Глубоко переведя дух, он попросил запорожца оставить его, Курбского, наедине с Марусей.
– Давно бы так, – одобрил Данило и от удовольствия крякнул. – Столкуйтесь, милые, как быть следует, не чинитесь, а я тем временем в балку сбегаю: в горле что-то пересохло.
Они остались одни. Как бы для защиты и опоры, Маруся обхватила рукою белый ствол осенявшей их березы и безмолвствовала. Но Курбский видел, что девушка вся, как лист, трепетала. А он готовит ей еще такой нежданный удар…
– Прости ты меня, Марья Гордеевна, – начал он, и в голосе его слышалось искреннее сокрушение раскаянного грешника. – Я много, много виноват перед тобою. Сейчас вот Данило говорил тут, что пора мне тоже закон принять. А я-то… его уже принял…
Точно не смея понять, Маруся, бледная как смерть, уставилась на него расширенными от ужаса глазами. Вдруг ей стало ясно, что он для нее безвозвратно потерян, и что сама она словно стоит над бездною…
– Владыка многомилостивый… – пробормотала она. Свет помутился в очах ее, и она бессильно прислонилась головой к стволу дерева.
– Женившись, не разженишься, – продолжал тихо Курбский. – Третий год я уже поженен, хоть и не по своему выбору, не по своей воле. Поведаю тебе все, как было.
И без утайки поведал он, как подростком еще бежал из дома родительского с Литвы на Русь, и как угодил тут в челядинцы к князю Рубцу-Масальскому.
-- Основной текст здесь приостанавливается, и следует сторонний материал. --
(* Let $K$ be a number field and $d\ge 0$. Let $N_0$ be a positive integer such that for every finite field extension $L/K$ with $[L:K]\le d^2$ and every root of unity $\zeta\in L$ one has $\zeta^{N_0}=1$, and put $N\coloneqq N_0$. Let $A\in\mathrm{GL}_d(K)$ and let $V\subseteq K^d$ be a vector subspace. If $V$ is $A^n$-invariant for some $n\ge1$, then $V$ is $A^N$-invariant.
   Context: A subspace $V$ is $B$-invariant if $BV\subseteq V$. *)

From HB Require Import structures.
From mathcomp Require Import all_boot all_order all_algebra all_field.
Set Implicit Arguments. Unset Strict Implicit. Unset Printing Implicit Defensive.
Import GRing.Theory.
Local Open Scope ring_scope.

(* Subspaces of K^d are represented (mxalgebra style) by the row space of a
   square matrix V : 'M[K]_d.  Vectors of K^d are written as rows; a matrix
   B acting on column vectors v |-> B v acts on rows as w |-> w *m B^T. *)

Definition is_invariant {F : fieldType} {d : nat} (B V : 'M[F]_d) : bool :=
  (V *m B^T <= V)%MS.

Definition is_root_of_unity {F : nzRingType} (z : F) : Prop :=
  exists m : nat, (0 < m)%N /\ z ^+ m = 1.

From Stdlib Require Import Classical.
From HB Require Import structures.
From mathcomp Require Import all_boot all_order all_algebra all_field.
Set Implicit Arguments. Unset Strict Implicit. Unset Printing Implicit Defensive.
Import GRing.Theory Num.Theory.
Local Open Scope ring_scope.

(* Put B := A^T (matrices act on row vectors) and C := B^N0, so that V is stable
   under C^n.  It suffices that C is a polynomial in C^n, which holds as soon as
   deg mxminpoly C <= deg mxminpoly C^n.  Over an algebraic closure, mxminpoly C
   divides (mxminpoly C^n)(X^n), and in characteristic 0 each nonzero mu is a
   simple root of X^n - mu^n; hence the degree bound holds provided a |-> a^n is
   injective on the eigenvalues of C.  These are the lam^N0 for eigenvalues lam
   of B.  If lam1^(N0 n) = lam2^(N0 n), then lam1/lam2 is a root of unity and an
   eigenvalue of X |-> B^-T X B, so a root of a polynomial of degree d^2 over K;
   it therefore lives in an extension of K of degree <= d^2, and its N0-th power
   is 1, i.e. lam1^N0 = lam2^N0. *)

Lemma trmxX (R : comPzRingType) n (A : 'M[R]_n) m : (A ^+ m)^T = A^T ^+ m.
Proof.
elim: m => [|m IHm]; first by rewrite !expr0 -!idmxE trmx1.
by rewrite exprS -mulmxE trmx_mul IHm mulmxE -exprSr.
Qed.

Lemma horner_mx_comp (R : comNzRingType) n (C : 'M[R]_n.+1) (p q : {poly R}) :
  horner_mx C (p \Po q) = horner_mx (horner_mx C q) p.
Proof.
elim/poly_ind: p => [|p c IHp]; first by rewrite comp_poly0 !rmorph0.
rewrite comp_polyD comp_polyM comp_polyX comp_polyC !rmorphD !rmorphM /= IHp.
by rewrite !horner_mx_C horner_mx_X.
Qed.

Lemma mxminpoly_dvdp_comp_Xn (F : fieldType) n (C : 'M[F]_n.+1) k :
  mxminpoly C %| mxminpoly (C ^+ k) \Po 'X^k.
Proof.
apply: mxminpoly_min.
by rewrite horner_mx_comp rmorphXn /= horner_mx_X mx_root_minpoly.
Qed.

Lemma horner_mx_expr_eq (F : fieldType) n (C : 'M[F]_n.+1) k :
  (degree_mxminpoly C <= degree_mxminpoly (C ^+ k))%N ->
  exists p, horner_mx (C ^+ k) p = C.
Proof.
move=> le_deg.
have sub_pow : (powers_mx (C ^+ k) (degree_mxminpoly (C ^+ k))
                <= powers_mx C (degree_mxminpoly C))%MS.
  apply/row_subP => i; rewrite rowK -exprM -[C in C ^+ _]horner_mx_X -rmorphXn.
  exact: horner_mx_mem.
have eq_pow : (powers_mx C (degree_mxminpoly C)
               <= powers_mx (C ^+ k) (degree_mxminpoly (C ^+ k)))%MS.
  have := mxrank_leqif_sup sub_pow; move/geq_leqif.
  by rewrite (eqP (minpoly_mx_free C)) (eqP (minpoly_mx_free (C ^+ k))) le_deg => /esym.
exists (mx_inv_horner (C ^+ k) C); apply: mx_inv_hornerK.
by apply: submx_trans eq_pow; rewrite -[C in mxvec C]horner_mx_X horner_mx_mem.
Qed.

Lemma eigenvalue_expr (F : closedFieldType) n (A : 'M[F]_n) k mu :
  eigenvalue (A ^+ k) mu -> exists2 lam, eigenvalue A lam & lam ^+ k = mu.
Proof.
case: n => [|n] in A *; first by rewrite /eigenvalue thinmx0 eqxx.
set p := 'X^k - mu%:P; rewrite eigenvalue_poly => eig_mu.
have eig_p : eigenpoly A p.
  have -> : p = ('X - mu%:P) \Po 'X^k by rewrite comp_polyB comp_polyX comp_polyC.
  by rewrite /eigenpoly /kermxpoly horner_mx_comp rmorphXn /= horner_mx_X; exact: eig_mu.
have ker_cop : coprimep p (mxminpoly A) -> kermxpoly A p = 0.
  move=> cop; apply/eqP; rewrite -submx0 -(mxdirect_kermxpoly A cop) sub_capmx.
  by rewrite submx_refl (kermxpoly_min (dvdpp _)) submx1.
have [lam] : exists lam, root (gcdp p (mxminpoly A)) lam.
  by apply/closed_rootP; apply: contraNN eig_p => cop; apply/eqP/ker_cop.
rewrite root_gcd => /andP[p_lam min_lam]; exists lam; first by rewrite eigenvalue_root_min.
by move: p_lam; rewrite /root !hornerE subr_eq0 => /eqP.
Qed.

Lemma Xn_subC_cofactor_neq0 (R : idomainType) n (a : R) (w : {poly R}) :
  n%:R != 0 :> R -> a != 0 -> 'X^n - (a ^+ n)%:P = w * ('X - a%:P) -> w.[a] != 0.
Proof.
move=> n_neq0 a_neq0 /(congr1 (fun q => q^`().[a])) /=.
rewrite derivM derivXsubC derivB derivXn derivC subr0 !hornerE subrr mulr0 ?add0r ?addr0 ?mulr1.
by rewrite hornerMn hornerXn => <-; rewrite -mulr_natl mulf_neq0 ?expf_neq0.
Qed.

(* Induction on size m: a root mu of m yields the root mu^n of g, and as mu is a
   simple root of X^n - mu^n that no other root of m shares, removing the factors
   X - mu from m and X - mu^n from g preserves divisibility. *)
Lemma size_dvdp_comp_Xn (F : closedFieldType) n (m g : {poly F}) :
  n%:R != 0 :> F -> g != 0 -> m %| g \Po 'X^n ->
  {in root m, forall a, a != 0} -> {in root m &, injective (fun a => a ^+ n)} ->
  (size m <= size g)%N.
Proof.
move=> n_neq0; have [k] := ubnP (size m); elim: k m g => // k IHk m g.
rewrite ltnS => le_m_k g_neq0 m_dvd m_neq0 m_inj.
have [le_m1|lt1m] := leqP (size m) 1; first by rewrite (leq_trans le_m1) ?size_poly_gt0.
have [mu m_mu] : exists mu, root m mu by apply/closed_rootP; rewrite neq_ltn lt1m orbT.
have [m1 Dm] := factor_theorem _ _ m_mu.
have g_mun : root g (mu ^+ n).
  have : ('X - mu%:P) %| g \Po 'X^n by apply: dvdp_trans m_dvd; rewrite -root_factor_theorem.
  by rewrite -root_factor_theorem /root horner_comp hornerXn.
have [g1 Dg] := factor_theorem _ _ g_mun.
have Xn_mu : root ('X^n - (mu ^+ n)%:P) mu by rewrite /root !hornerE subrr.
have [w Dw] := factor_theorem _ _ Xn_mu.
have w_mu := Xn_subC_cofactor_neq0 n_neq0 (m_neq0 _ m_mu) Dw.
have m1_neq0 : m1 != 0 by apply: contraTneq lt1m => m10; rewrite Dm m10 mul0r size_poly0.
have g1_neq0 : g1 != 0 by apply: contraNneq g_neq0 => g10; rewrite Dg g10 mul0r.
have m1_root a : root m1 a -> root m a by rewrite Dm rootM => ->.
have cop_m1w : coprimep m1 w.
  apply/negPn/negP => /closed_rootP[a]; rewrite root_gcd => /andP[m1_a w_a].
  have : root ('X^n - (mu ^+ n)%:P) a by rewrite Dw rootM w_a.
  rewrite /root !hornerE subr_eq0 => /eqP/(m_inj _ _ (m1_root _ m1_a) m_mu) a_mu.
  by rewrite -a_mu (rootP w_a) eqxx in w_mu.
have m1_dvd : m1 %| g1 \Po 'X^n.
  rewrite -(Gauss_dvdpl _ cop_m1w) -(dvdp_mul2r _ _ (monic_neq0 (monicXsubC mu))) -Dm.
  by rewrite -mulrA -Dw; rewrite Dg comp_polyM comp_polyB comp_polyX comp_polyC in m_dvd.
have size_XsubC_mul q c : q != 0 -> size (q * ('X - c%:P)) = (size q).+1.
  by move=> q_neq0; rewrite size_Mmonic ?monicXsubC // size_XsubC addn2.
move: le_m_k; rewrite Dm Dg !size_XsubC_mul // ltnS => le_m1_k.
apply: IHk => // [a /m1_root /m_neq0 // | a b /m1_root m_a /m1_root m_b].
exact: m_inj.
Qed.

Lemma degree_mxminpoly_expr (K : fieldType) (M : closedFieldType)
    (iota : {rmorphism K -> M}) n (C : 'M[K]_n.+1) k :
  k%:R != 0 :> M ->
  {in eigenvalue (map_mx iota C), forall a, a != 0} ->
  {in eigenvalue (map_mx iota C) &, injective (fun a => a ^+ k)} ->
  (degree_mxminpoly C <= degree_mxminpoly (C ^+ k))%N.
Proof.
move=> k_neq0 eig_neq0 eig_inj.
rewrite -(degree_mxminpoly_map iota) -(degree_mxminpoly_map iota (C ^+ k)).
rewrite -ltnS -size_mxminpoly -size_mxminpoly rmorphXn /=.
have eig_root a : (a \in root (mxminpoly (map_mx iota C))) = eigenvalue (map_mx iota C) a.
  by rewrite unfold_in /= eigenvalue_root_min.
apply: (size_dvdp_comp_Xn k_neq0).
- exact: monic_neq0 (mxminpoly_monic _).
- exact: mxminpoly_dvdp_comp_Xn.
- by move=> a; rewrite eig_root; apply: eig_neq0.
- by move=> a b; rewrite !eig_root; apply: eig_inj.
Qed.

Lemma irredp_dvdp_map_root (F L : fieldType) (f : {rmorphism F -> L}) (p q : {poly F}) z :
  irreducible_poly p -> q != 0 -> root (map_poly f p) z -> root (map_poly f q) z ->
  p %| q.
Proof.
move=> p_irr q_neq0 p_z q_z.
have gcd_z : root (map_poly f (gcdp p q)) z by rewrite gcdp_map root_gcd p_z q_z.
have gcd_neq1 : size (gcdp p q) != 1%N.
  rewrite -(size_map_poly f) neq_ltn (root_size_gt1 _ gcd_z) ?orbT //.
  by rewrite map_poly_eq0 gcdp_eq0 negb_and q_neq0 orbT.
by rewrite -(eqp_dvdl _ (p_irr _ gcd_neq1 (dvdp_gcdl p q))) dvdp_gcdr.
Qed.

Lemma irredp_factor_map_root (F L : fieldType) (f : {rmorphism F -> L}) (P : {poly F}) z :
  P != 0 -> root (map_poly f P) z ->
  exists2 p, irreducible_poly p /\ root (map_poly f p) z & (size p <= size P)%N.
Proof.
have [k] := ubnP (size P); elim: k P => // k IHk P; rewrite ltnS => le_P_k P_neq0 P_z.
have [[Q [Q_neq0 Q_z lt_Q_P]] | no_smaller] :=
  classic (exists Q : {poly F}, [/\ Q != 0, root (map_poly f Q) z & (size Q < size P)%N]).
  have [p p_irr le_p_Q] := IHk Q (leq_trans lt_Q_P le_P_k) Q_neq0 Q_z.
  by exists p => //; exact: leq_trans le_p_Q (ltnW lt_Q_P).
exists P => //; split; last exact: P_z.
apply/(subfx_irreducibleP P_z P_neq0) => Q Q_z Q_neq0.
by rewrite leqNgt; apply/negP => lt_Q_P; apply: no_smaller; exists Q.
Qed.

Lemma irredp_map_root_expr_eq1 (F L1 L2 : fieldType) (f1 : {rmorphism F -> L1})
    (f2 : {rmorphism F -> L2}) (p : {poly F}) z1 z2 j :
  irreducible_poly p -> root (map_poly f1 p) z1 -> root (map_poly f2 p) z2 ->
  z1 ^+ j = 1 -> z2 ^+ j = 1.
Proof.
move=> p_irr p_z1 p_z2 z1j; case: j => [|j] in z1j *; first exact: expr0.
have unity_root (L : fieldType) (f : {rmorphism F -> L}) (z : L) :
    root (map_poly f ('X^(j.+1) - 1)) z = (z ^+ j.+1 == 1).
  by rewrite rmorphB /= map_polyXn rmorph1 /root !hornerE subr_eq0.
have /dvdpP[q Dq] : p %| 'X^(j.+1) - 1.
  apply: (irredp_dvdp_map_root p_irr _ p_z1); first exact/monic_neq0/monicXnsubC.
  by rewrite unity_root z1j.
by apply/eqP; rewrite -(unity_root _ f2) Dq rmorphM rootM p_z2 orbT.
Qed.

Lemma bounded_degree_root_of_unity_expr (K M : fieldType) (iota : {rmorphism K -> M}) D N :
  (forall L : fieldExtType K, (\dim (fullv : {vspace L}) <= D)%N ->
     forall z : L, is_root_of_unity z -> z ^+ N = 1) ->
  forall (P : {poly K}) z, P != 0 -> (size P <= D.+1)%N -> root (map_poly iota P) z ->
  is_root_of_unity z -> z ^+ N = 1.
Proof.
move=> hN P z P_neq0 le_P_D P_z [m [m_gt0 z_m]].
have [p [p_irr p_z] le_p_P] := irredp_factor_map_root P_neq0 P_z.
have [L dimL [w p_w _]] := irredp_FAdjoin p_irr.
apply: (irredp_map_root_expr_eq1 p_irr p_w p_z); apply: hN.
  by rewrite dimL; move: (leq_trans le_p_P le_P_D); case: (size p).
by exists m; split => //; apply: (irredp_map_root_expr_eq1 p_irr p_z p_w).
Qed.

(* The matrix of X |-> B^-T X B on mxvec-encoded matrices: if u B = l1 u and
   w B = l2 w, then w^T u is an eigenvector for l1 / l2. *)
Definition eigenratio_mx (F : fieldType) n (B : 'M[F]_n) : 'M[F]_(n * n) :=
  lin_mx (mulmx (invmx B^T)) *m lin_mx (mulmxr B).

Lemma map_eigenratio_mx (F L : fieldType) (f : {rmorphism F -> L}) n (B : 'M[F]_n) :
  map_mx f (eigenratio_mx B) = eigenratio_mx (map_mx f B).
Proof.
rewrite /eigenratio_mx map_mxM; congr (_ *m _); apply: map_lin_mx => X /=.
  by rewrite map_mxM map_invmx map_trmx.
by rewrite map_mxM.
Qed.

Lemma eigenvalue_unitmx_neq0 (F : fieldType) n (B : 'M[F]_n) a :
  B \in unitmx -> eigenvalue B a -> a != 0.
Proof.
move=> B_unit /eigenvalueP[v vB v_neq0]; apply: contraNneq v_neq0 => a0.
by rewrite -(mulmxK B_unit v) vB a0 scale0r mul0mx.
Qed.

Lemma eigenvalue_eigenratio_mx (F : fieldType) n (B : 'M[F]_n) l1 l2 :
  B \in unitmx -> eigenvalue B l1 -> eigenvalue B l2 -> eigenvalue (eigenratio_mx B) (l1 / l2).
Proof.
move=> B_unit eig_l1 eig_l2; have l2_neq0 := eigenvalue_unitmx_neq0 B_unit eig_l2.
move: eig_l1 eig_l2 => /eigenvalueP[u uB u_neq0] /eigenvalueP[w wB w_neq0].
have BTw : invmx B^T *m w^T = l2^-1 *: w^T.
  have BT_unit : B^T \in unitmx by rewrite unitmx_tr.
  rewrite -[in RHS](mulKmx BT_unit w^T) -trmx_mul wB linearZ /= -scalemxAr.
  by rewrite scalerA mulVf // scale1r.
apply/eigenvalueP; exists (mxvec (w^T *m u)).
  rewrite /eigenratio_mx mulmxA !mul_vec_lin /= mulmxA BTw -!scalemxAl -mulmxA uB.
  by rewrite -scalemxAr scalerA linearZ mulrC.
have w_free : row_free w by rewrite /row_free rank_rV w_neq0.
rewrite mxvec_eq0 -trmx_eq0 trmx_mul trmxK mulmx_free_eq0 //.
by rewrite trmx_eq0.
Qed.

Section EigenvalueRatios.

Variables (K : fieldType) (d N : nat).
Hypothesis N_gt0 : (0 < N)%N.
Hypothesis hN : forall L : fieldExtType K, (\dim (fullv : {vspace L}) <= d ^ 2)%N ->
  forall z : L, is_root_of_unity z -> z ^+ N = 1.
Variable B : 'M[K]_d.
Hypothesis B_unit : B \in unitmx.

Lemma eigenvalue_ratio_expr (M : fieldType) (iota : {rmorphism K -> M}) l1 l2 :
  eigenvalue (map_mx iota B) l1 -> eigenvalue (map_mx iota B) l2 ->
  is_root_of_unity (l1 / l2) -> (l1 / l2) ^+ N = 1.
Proof.
move=> eig_l1 eig_l2.
apply: (bounded_degree_root_of_unity_expr (iota := iota) hN (P := char_poly (eigenratio_mx B))).
- by rewrite -size_poly_eq0 size_char_poly.
- by rewrite size_char_poly mulnn.
rewrite map_char_poly map_eigenratio_mx -eigenvalue_root_char.
by rewrite eigenvalue_eigenratio_mx ?map_unitmx.
Qed.

Variables (M : closedFieldType) (iota : {rmorphism K -> M}).

Lemma eigenvalue_expr_neq0 : {in eigenvalue (map_mx iota (B ^+ N)), forall a, a != 0}.
Proof.
move=> a; rewrite rmorphXn => /eigenvalue_expr[l eig_l <-].
by rewrite expf_neq0 // (eigenvalue_unitmx_neq0 _ eig_l) // map_unitmx.
Qed.

Lemma eigenvalue_expr_inj n : (0 < n)%N ->
  {in eigenvalue (map_mx iota (B ^+ N)) &, injective (fun a => a ^+ n)}.
Proof.
move=> n_gt0 a b; rewrite rmorphXn.
move=> /eigenvalue_expr[l1 eig_l1 <-] /eigenvalue_expr[l2 eig_l2 <-] /=; rewrite -!exprM.
have l2_neq0 : l2 != 0 by rewrite (eigenvalue_unitmx_neq0 _ eig_l2) // map_unitmx.
move=> eq_pow; apply/divr1_eq; rewrite -expr_div_n.
apply: (eigenvalue_ratio_expr eig_l1 eig_l2); exists (N * n)%N.
split; first by rewrite muln_gt0 N_gt0.
by rewrite expr_div_n eq_pow divff // expf_neq0.
Qed.

End EigenvalueRatios.

Lemma number_field_closure (K : fieldExtType rat) : {M : closedFieldType & {rmorphism K -> M}}.
Proof.
pose Kc : countFieldType :=
  HB.pack K (isCountable.Build K (pcan_pickleK (can_pcan (passmx.rVofK (vbasisP fullv))))).
by have [M [iota _]] := countable_algebraic_closure Kc; exists M.
Qed.

Theorem mainTheorem11 (K : fieldExtType rat) (d N0 : nat)
  (hN0pos : (0 < N0)%N)
  (hN0 : forall (L : fieldExtType K), (\dim (fullv : {vspace L}) <= d ^ 2)%N ->
           forall z : L, is_root_of_unity z -> z ^+ N0 = 1)
  (A : 'M[K]_d) (hA : A \in unitmx) (V : 'M[K]_d)
  (n : nat) (hn : (1 <= n)%N) (hV : is_invariant (A ^+ n) V) :
  is_invariant (A ^+ N0) V.
Proof.
case: d => [|d] in hN0 A hA V hV *; first by rewrite /is_invariant thinmx0 sub0mx.
move: hV; rewrite /is_invariant !trmxX => stable_n.
have AT_unit : A^T \in unitmx by rewrite unitmx_tr.
have [M iota] := number_field_closure K.
have n_neq0 : n%:R != 0 :> M.
  by rewrite -(rmorph_nat iota) -(rmorph_nat (in_alg K)) !fmorph_eq0 pnatr_eq0 -lt0n.
have le_deg : (degree_mxminpoly (A^T ^+ N0) <= degree_mxminpoly ((A^T ^+ N0) ^+ n))%N.
  apply: (degree_mxminpoly_expr (iota := iota) n_neq0).
    exact: eigenvalue_expr_neq0.
  exact: eigenvalue_expr_inj.
have [p <-] := horner_mx_expr_eq le_deg.
apply: horner_mx_stable; rewrite -exprM mulnC exprM.
by rewrite -[A^T ^+ n]horner_mx_X -rmorphXn horner_mx_stable.
Qed.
– Была же в дворне княжеской вдовушка одна… Раиса… – рассказывал он далее, и по звуку голоса его слышно было, как тяжело было ему произнести это имя, – не из самых уже молодых: лет под тридцать; но из себя все еще красавица… Многие по крайности так находили. С виду будто цыганка: кожей смуглая, волоса как смоль, а глаза огневые, палящие. Этими-то глазами, а паче того речью ласковою безбожница всю дворню мужскую, можно сказать, заворожила. Подрос я – и меня тоже не обошла тут, наметила. По самому мне, скажу по совести, такие не любы. «А хочешь, Михайло, женю тебя на себе?» – говорила она мне смеючись. «Жени!» – говорю и сам тоже смеюсь. Смех смехом, а женила! Случись праздник. Был грех, дал я споить себя хмельной брагой. Подсыпали, нет ли, в брагу мне какого еще зелья – сказать не умею. Словно сквозь сон помнится только, как везут меня с Раисой в церковь, как ведет нас поп вокруг аналоя… А на другое утро пробудился уже окрученным законным мужем Раисы! Больше всех смеялись сам старый князь с княгинею. И прежде-то сердце мое не лежало к Раисе, а теперь, как привязала она меня к себе воровски, насильно, – просто не глядел бы на обманщицу!.. Вестимо, что и я ей тут скоро опостылел. Выжил я год с ней, еще полгода, – сил моих долее не стало; крадучись, ушел я от нее в лес дремучий… О сю пору, окроме тебя, Марья Гордеевна, ни единая душа не слышала о моем позоре…
Маруся, припав к дереву, стояла неподвижно, как окаменелая. Только из-под опущенных ресниц ее тихо капали слеза за слезой. Теперь она, наконец, подняла голову и сквозь слезы взглянула на рассказчика.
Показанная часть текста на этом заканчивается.